Instructions to follow | Check each line of the listing for the word "Notation" and report the ones that have it.

Listed entries |

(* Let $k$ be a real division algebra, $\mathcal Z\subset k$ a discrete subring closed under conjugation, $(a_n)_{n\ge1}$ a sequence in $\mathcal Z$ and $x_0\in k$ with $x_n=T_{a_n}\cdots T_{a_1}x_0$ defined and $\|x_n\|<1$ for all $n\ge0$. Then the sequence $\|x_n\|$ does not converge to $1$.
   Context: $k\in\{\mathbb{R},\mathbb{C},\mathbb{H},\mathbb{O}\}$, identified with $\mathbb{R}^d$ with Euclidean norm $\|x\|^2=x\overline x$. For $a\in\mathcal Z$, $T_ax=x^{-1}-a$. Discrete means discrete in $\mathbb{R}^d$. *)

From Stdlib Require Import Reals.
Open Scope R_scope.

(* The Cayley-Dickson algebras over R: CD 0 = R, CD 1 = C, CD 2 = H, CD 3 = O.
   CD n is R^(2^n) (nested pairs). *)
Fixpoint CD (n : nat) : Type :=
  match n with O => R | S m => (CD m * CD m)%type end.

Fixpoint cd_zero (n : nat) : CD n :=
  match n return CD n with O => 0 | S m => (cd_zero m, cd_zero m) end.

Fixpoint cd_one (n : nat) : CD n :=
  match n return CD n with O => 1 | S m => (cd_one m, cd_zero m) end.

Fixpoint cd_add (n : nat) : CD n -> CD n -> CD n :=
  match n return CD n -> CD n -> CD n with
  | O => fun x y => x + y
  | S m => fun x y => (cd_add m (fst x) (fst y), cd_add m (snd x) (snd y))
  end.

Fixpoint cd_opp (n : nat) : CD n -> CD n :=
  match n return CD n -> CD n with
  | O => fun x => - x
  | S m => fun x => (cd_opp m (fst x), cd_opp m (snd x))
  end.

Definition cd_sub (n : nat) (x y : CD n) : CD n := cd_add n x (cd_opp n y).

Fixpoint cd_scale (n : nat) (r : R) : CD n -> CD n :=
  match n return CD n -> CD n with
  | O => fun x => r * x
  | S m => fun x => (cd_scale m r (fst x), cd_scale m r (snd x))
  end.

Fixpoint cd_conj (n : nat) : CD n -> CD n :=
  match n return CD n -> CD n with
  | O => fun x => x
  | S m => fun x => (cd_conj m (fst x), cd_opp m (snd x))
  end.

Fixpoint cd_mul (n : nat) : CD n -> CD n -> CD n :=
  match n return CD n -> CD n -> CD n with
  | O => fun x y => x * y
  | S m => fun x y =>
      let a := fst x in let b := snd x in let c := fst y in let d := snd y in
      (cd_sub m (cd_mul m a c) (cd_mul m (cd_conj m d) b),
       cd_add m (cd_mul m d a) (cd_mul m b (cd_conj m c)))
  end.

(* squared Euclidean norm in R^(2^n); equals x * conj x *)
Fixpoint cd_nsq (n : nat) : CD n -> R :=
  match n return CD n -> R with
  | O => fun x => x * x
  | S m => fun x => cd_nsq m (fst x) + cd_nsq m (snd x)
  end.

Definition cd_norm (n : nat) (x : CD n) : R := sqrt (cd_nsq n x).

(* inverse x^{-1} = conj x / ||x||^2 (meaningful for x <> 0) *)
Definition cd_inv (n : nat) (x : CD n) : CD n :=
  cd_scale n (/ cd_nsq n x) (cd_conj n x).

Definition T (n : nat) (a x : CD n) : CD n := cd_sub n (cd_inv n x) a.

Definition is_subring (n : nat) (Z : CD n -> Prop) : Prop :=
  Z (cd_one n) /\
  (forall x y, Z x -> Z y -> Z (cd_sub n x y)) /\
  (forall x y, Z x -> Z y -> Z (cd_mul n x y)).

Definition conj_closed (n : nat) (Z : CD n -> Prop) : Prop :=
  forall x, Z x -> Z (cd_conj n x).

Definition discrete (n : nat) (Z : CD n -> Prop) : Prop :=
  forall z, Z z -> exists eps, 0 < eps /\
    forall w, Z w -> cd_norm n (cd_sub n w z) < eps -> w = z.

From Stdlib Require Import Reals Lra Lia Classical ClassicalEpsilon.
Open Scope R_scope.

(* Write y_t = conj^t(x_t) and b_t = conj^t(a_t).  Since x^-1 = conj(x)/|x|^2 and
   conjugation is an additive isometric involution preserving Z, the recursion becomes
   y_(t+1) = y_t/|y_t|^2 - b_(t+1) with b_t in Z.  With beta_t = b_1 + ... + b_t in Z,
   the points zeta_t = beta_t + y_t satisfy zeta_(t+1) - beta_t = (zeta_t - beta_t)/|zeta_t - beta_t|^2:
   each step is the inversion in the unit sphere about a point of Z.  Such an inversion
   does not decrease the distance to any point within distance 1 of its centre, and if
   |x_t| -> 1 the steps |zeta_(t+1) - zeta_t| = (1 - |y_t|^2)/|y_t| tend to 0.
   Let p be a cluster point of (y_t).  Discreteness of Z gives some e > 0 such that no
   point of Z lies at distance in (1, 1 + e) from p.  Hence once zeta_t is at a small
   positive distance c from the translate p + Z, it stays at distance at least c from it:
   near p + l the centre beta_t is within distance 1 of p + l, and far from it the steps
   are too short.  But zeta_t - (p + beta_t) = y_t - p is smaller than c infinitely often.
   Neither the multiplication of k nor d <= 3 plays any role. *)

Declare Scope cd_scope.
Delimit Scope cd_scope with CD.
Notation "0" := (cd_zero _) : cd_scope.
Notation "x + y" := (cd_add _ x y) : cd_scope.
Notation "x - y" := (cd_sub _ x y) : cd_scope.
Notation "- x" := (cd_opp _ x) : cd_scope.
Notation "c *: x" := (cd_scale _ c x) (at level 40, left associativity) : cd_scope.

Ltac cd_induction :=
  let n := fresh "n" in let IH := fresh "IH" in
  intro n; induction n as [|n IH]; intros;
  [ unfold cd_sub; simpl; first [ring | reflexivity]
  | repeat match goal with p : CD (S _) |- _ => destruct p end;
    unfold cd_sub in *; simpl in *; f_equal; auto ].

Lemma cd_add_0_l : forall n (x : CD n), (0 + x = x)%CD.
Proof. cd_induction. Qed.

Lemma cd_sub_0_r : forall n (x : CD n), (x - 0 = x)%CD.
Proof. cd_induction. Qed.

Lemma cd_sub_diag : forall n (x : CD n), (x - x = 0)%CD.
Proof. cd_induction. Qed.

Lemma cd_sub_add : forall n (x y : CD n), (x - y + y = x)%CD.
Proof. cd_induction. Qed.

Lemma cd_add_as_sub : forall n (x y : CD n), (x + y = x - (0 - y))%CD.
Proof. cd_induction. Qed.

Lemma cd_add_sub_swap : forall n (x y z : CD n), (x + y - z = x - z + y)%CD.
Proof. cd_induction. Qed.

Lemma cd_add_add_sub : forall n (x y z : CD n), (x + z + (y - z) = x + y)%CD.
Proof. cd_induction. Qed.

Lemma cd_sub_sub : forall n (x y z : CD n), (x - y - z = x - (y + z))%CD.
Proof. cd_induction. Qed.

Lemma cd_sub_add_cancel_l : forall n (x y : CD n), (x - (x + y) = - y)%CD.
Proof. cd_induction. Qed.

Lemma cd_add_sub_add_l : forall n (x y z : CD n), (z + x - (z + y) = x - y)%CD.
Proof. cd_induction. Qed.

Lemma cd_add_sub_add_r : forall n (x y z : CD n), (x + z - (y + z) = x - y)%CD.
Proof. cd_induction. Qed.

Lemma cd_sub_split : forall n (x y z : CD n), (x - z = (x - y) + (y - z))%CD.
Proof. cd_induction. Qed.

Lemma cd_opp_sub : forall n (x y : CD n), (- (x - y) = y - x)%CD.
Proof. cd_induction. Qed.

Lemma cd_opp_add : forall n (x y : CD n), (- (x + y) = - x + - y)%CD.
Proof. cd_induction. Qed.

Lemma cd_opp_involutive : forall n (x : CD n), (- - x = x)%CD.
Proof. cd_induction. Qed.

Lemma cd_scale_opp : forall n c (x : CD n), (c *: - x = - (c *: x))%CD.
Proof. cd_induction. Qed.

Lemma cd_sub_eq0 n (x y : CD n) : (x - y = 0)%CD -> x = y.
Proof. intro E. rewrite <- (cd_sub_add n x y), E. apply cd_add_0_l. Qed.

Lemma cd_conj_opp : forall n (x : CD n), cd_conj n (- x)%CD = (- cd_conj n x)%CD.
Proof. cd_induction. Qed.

Written answer |
Notation "0" := (cd_zero _) : cd_scope.
Notation "x + y" := (cd_add _ x y) : cd_scope.
Notation "x - y" := (cd_sub _ x y) : cd_scope.
Notation "- x" := (cd_opp _ x) : cd_scope.
Notation "c *: x" := (cd_scale _ c x) (at level 40, left associativity) : cd_scope.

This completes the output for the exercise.